Coherent is already actively involved in developing photonics-based solutions for these issues for AR systems. We’re mainly focused on three functional elements of AR headsets – the display projector (or light engine), the optical combiner, and the optical sensors. 

显示引擎

Most AR headsets use MicroLED or laser beam-scanning light engines. Coherent is well-established in delivering a key technology for MicroLED production. Specifically, Coherent tools perform Laser Lift-off (LLO) to separate MicroLED from the sapphire wafers they’re grown on. Sometimes LLO is followed by Laser-Induced Forward Transfer (LIFT), which can be performed with our UVtransfer (which performs LLO and pixel repair/trimming, as well). 

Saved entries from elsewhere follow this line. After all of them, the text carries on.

Fixpoint lookup_all {T : Type} (e : nat -> option T) (ys : list nat)
  : option (list T) :=
  match ys with
  | [] => Some []
  | y :: ys' =>
      match e y, lookup_all e ys' with
      | Some a, Some l => Some (a :: l)
      | _, _ => None
      end
  end.

(** Satisfaction with partial assignments (unassigned variables make atoms
    false; for formulas whose free variables are assigned this is the usual
    Tarskian semantics). *)
Fixpoint psat (k : nat) (ar : nat -> nat) (M : Pstr)
  (eO : nat -> option (oc M)) (eP : nat -> option (pc M)) (phi : pform) : Prop :=
  match phi with
  | FEqO i j => exists a, eO i = Some a /\ eO j = Some a
  | FEqP i j => exists b, eP i = Some b /\ eP j = Some b
  | FRel r x ys =>
      r < k /\ length ys = ar r /\
      exists b zs, eP x = Some b /\ lookup_all eO ys = Some zs /\ prel M r b zs
  | FNot psi => ~ psat k ar M eO eP psi
  | FAnd psi chi => psat k ar M eO eP psi /\ psat k ar M eO eP chi
  | FExO n psi => exists a, psat k ar M (upd eO n (Some a)) eP psi
  | FExP n psi => exists b, psat k ar M eO (upd eP n (Some b)) psi
  end.

Definition elem_equiv (k : nat) (ar : nat -> nat) (M N : Pstr) : Prop :=
  forall phi, psat k ar M (fun _ => None) (fun _ => None) phi <->
              psat k ar N (fun _ => None) (fun _ => None) phi.

Definition in_aclP (k : nat) (ar : nat -> nat) (N : Pstr)
  (A0 : oc N -> Prop) (B0 : pc N -> Prop) (b : pc N) : Prop :=
  exists (phi : pform) (x : nat) (eO : nat -> option (oc N))
         (eP : nat -> option (pc N)),
    (forall n a, eO n = Some a -> A0 a) /\
    (forall n c, n <> x -> eP n = Some c -> B0 c) /\
    psat k ar N eO (upd eP x (Some b)) phi /\
    (exists l : list (pc N), forall b',
        psat k ar N eO (upd eP x (Some b')) phi -> In b' l).

From Stdlib Require Import List Arith Lia Classical ClassicalEpsilon ProofIrrelevance.
Import ListNotations.

(* A formula involves only finitely many parameters.  A P-element of a structure in K_pfc can
   be duplicated together with its fibre, so by ultrahomogeneity every P-element of the Fraisse
   limit M that is not among the P-parameters has arbitrarily many distinct conjugates over
   them.  Hence M satisfies, for every phi(x; params) and every n, the sentence "every solution
   of phi outside the P-parameters comes with n distinct solutions"; these sentences hold in N
   as well, so no element of B outside B0 is algebraic over A0 u B0. *)

Lemma upd_eq {T} (e : nat -> T) n v : upd e n v n = v.
Proof. unfold upd; rewrite Nat.eqb_refl; reflexivity. Qed.

Lemma upd_neq {T} (e : nat -> T) n v m : m <> n -> upd e n v m = e m.
Proof. intros H; unfold upd; destruct (Nat.eqb_spec m n); congruence. Qed.

Lemma upd_upd {T} (e : nat -> T) n v v' m : upd (upd e n v) n v' m = upd e n v' m.
Proof. unfold upd; destruct (Nat.eqb m n); reflexivity. Qed.

Lemma option_map_upd {T U} (g : T -> U) (e : nat -> option T) n a m :
  option_map g (upd e n (Some a) m) = upd (fun v => option_map g (e v)) n (Some (g a)) m.
Proof. unfold upd; destruct (Nat.eqb m n); reflexivity. Qed.

Lemma lookup_all_ext {T} (e e' : nat -> option T) ys :
  (forall v, In v ys -> e v = e' v) -> lookup_all e ys = lookup_all e' ys.
Proof.
  induction ys as [|y ys IH]; intros H; simpl; [reflexivity|].
  rewrite H by (left; reflexivity). rewrite IH by (intros; apply H; right; auto).
  reflexivity.
Qed.

Lemma lookup_all_map {T U} (g : T -> U) (e : nat -> option T) ys :
  lookup_all (fun v => option_map g (e v)) ys = option_map (map g) (lookup_all e ys).
Proof.
  induction ys as [|y ys IH]; simpl; [reflexivity|].
  rewrite IH. destruct (e y), (lookup_all e ys); reflexivity.
Qed.

Lemma lookup_all_length {T} (e : nat -> option T) ys zs :
  lookup_all e ys = Some zs -> length zs = length ys.
Proof.
  revert zs; induction ys as [|y ys IH]; simpl; intros zs H.
  - injection H as <-; reflexivity.
  - destruct (e y), (lookup_all e ys) eqn:E; inversion H; subst; simpl; auto.
Qed.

Coherent also has extensive expertise in fabricating some of the miniaturized optical components used in display projectors. One of the most interesting of these is “meta-surface” micro-lens arrays for collimation.

元表面透镜利用纳米结构来改变入射光的波前。这些结构经过高精度制造，可在MicroLED阵列上以极小的公差进行对准，从而将来自各个发光器的光进行准直。元透镜结构扁平且非常薄，因此可以无缝集成到显示引擎封装中。 

另一个优势在于，元透镜可通过光刻或其他晶圆级技术制造。这意味着它们可以经济高效地大规模生产。因此，这项技术非常符合增强现实（AR）眼镜的需求。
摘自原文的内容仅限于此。